-- Opening Marker --
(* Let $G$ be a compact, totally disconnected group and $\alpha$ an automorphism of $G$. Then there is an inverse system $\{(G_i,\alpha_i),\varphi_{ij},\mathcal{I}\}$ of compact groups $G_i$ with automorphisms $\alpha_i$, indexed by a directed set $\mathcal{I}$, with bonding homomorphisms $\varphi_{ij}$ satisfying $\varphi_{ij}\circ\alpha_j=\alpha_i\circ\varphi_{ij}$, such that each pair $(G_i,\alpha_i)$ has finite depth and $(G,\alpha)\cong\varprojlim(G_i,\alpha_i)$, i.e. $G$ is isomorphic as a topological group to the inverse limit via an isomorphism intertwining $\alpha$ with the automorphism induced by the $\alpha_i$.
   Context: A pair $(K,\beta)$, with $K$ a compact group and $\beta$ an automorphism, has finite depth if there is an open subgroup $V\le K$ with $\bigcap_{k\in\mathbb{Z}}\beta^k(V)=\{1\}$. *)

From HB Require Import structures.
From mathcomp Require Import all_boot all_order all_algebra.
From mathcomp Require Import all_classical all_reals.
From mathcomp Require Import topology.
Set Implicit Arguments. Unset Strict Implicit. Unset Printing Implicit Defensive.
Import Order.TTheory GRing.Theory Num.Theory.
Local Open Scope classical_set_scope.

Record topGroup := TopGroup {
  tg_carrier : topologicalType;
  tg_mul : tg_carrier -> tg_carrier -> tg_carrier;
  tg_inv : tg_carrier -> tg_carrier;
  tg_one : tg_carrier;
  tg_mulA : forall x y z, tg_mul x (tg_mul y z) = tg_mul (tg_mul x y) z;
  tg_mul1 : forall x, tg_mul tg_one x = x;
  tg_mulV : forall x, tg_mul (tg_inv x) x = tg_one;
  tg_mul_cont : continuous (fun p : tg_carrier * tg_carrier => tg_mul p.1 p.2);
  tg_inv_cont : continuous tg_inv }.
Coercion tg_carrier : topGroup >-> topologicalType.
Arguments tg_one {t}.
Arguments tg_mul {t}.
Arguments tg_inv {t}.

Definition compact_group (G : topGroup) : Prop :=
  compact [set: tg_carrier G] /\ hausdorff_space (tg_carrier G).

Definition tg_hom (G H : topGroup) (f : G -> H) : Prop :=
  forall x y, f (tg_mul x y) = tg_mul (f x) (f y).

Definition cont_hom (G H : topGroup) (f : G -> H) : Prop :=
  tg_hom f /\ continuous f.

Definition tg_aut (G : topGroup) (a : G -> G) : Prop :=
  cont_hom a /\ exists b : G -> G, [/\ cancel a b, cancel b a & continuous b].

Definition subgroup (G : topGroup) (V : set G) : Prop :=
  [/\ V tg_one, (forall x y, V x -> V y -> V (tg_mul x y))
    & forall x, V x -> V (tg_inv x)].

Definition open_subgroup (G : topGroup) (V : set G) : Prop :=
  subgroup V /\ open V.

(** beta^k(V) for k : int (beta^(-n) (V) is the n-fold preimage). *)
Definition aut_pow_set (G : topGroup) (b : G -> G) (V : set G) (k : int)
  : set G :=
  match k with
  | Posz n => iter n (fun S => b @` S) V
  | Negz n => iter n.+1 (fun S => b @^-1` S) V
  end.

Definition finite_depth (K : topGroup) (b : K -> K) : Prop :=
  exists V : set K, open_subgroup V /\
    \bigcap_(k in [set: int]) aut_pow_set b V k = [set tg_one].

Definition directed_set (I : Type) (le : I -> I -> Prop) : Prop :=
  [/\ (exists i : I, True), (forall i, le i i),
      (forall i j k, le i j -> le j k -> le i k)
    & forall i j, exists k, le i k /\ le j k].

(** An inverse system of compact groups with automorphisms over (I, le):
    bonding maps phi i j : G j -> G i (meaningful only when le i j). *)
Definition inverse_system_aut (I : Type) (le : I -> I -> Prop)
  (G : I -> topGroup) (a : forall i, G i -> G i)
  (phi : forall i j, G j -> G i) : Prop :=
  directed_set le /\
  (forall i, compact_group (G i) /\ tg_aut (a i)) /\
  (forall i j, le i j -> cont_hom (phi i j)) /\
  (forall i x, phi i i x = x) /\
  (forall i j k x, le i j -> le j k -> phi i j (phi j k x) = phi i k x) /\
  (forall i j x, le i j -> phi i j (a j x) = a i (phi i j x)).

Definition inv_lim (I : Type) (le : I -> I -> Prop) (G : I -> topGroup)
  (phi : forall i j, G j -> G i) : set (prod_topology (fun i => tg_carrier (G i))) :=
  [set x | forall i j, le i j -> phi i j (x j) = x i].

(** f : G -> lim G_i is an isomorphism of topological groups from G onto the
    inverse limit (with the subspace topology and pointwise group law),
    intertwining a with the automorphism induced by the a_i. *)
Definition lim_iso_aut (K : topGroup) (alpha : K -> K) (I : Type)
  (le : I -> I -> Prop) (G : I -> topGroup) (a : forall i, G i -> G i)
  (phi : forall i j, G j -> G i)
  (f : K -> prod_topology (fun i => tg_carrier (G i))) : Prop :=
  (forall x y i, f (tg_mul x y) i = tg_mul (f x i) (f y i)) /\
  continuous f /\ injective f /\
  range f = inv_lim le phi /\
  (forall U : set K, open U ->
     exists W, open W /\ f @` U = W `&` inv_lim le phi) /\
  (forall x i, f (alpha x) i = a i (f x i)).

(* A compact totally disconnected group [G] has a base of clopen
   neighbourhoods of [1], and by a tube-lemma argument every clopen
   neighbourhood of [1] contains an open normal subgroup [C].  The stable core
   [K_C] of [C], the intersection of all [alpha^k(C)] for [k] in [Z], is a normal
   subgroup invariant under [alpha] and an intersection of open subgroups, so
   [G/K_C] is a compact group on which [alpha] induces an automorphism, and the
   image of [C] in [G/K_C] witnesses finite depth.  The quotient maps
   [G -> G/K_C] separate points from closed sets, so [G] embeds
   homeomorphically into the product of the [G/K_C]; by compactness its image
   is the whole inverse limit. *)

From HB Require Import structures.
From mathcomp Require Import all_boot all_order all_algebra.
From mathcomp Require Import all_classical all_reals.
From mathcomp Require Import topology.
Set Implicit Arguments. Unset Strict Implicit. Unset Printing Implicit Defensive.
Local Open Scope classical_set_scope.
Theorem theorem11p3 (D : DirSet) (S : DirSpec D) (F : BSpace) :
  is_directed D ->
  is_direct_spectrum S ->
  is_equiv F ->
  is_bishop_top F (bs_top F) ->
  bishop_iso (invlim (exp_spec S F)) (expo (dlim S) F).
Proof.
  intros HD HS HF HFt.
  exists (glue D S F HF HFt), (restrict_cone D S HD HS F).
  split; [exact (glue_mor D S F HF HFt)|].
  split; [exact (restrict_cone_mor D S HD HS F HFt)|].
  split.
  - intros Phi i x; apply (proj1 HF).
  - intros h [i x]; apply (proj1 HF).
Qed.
-- Closing Marker --
-- Opening Marker --
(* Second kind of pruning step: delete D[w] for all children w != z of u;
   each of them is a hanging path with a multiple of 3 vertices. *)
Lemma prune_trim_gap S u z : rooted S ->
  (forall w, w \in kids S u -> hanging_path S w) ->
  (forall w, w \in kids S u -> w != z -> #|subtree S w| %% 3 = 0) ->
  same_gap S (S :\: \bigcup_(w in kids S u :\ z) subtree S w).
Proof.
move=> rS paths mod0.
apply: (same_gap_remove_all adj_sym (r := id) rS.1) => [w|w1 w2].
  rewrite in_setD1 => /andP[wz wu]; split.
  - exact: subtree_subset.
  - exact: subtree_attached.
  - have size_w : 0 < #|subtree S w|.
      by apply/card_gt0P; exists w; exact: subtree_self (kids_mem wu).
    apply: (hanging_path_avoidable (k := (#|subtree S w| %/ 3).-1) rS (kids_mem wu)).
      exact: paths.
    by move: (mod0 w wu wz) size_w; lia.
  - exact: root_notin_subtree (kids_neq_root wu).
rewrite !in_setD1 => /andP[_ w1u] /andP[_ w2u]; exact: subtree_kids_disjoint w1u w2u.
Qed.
-- Closing Marker --
Task item
A copy of each line above that holds the word "apply" is the expected answer.

Reply to the exercise
  - intros Phi i x; apply (proj1 HF).
  - intros h [i x]; apply (proj1 HF).
apply: (same_gap_remove_all adj_sym (r := id) rS.1) => [w|w1 w2].
      by apply/card_gt0P; exists w; exact: subtree_self (kids_mem wu).
    apply: (hanging_path_avoidable (k := (#|subtree S w| %/ 3).-1) rS (kids_mem wu)).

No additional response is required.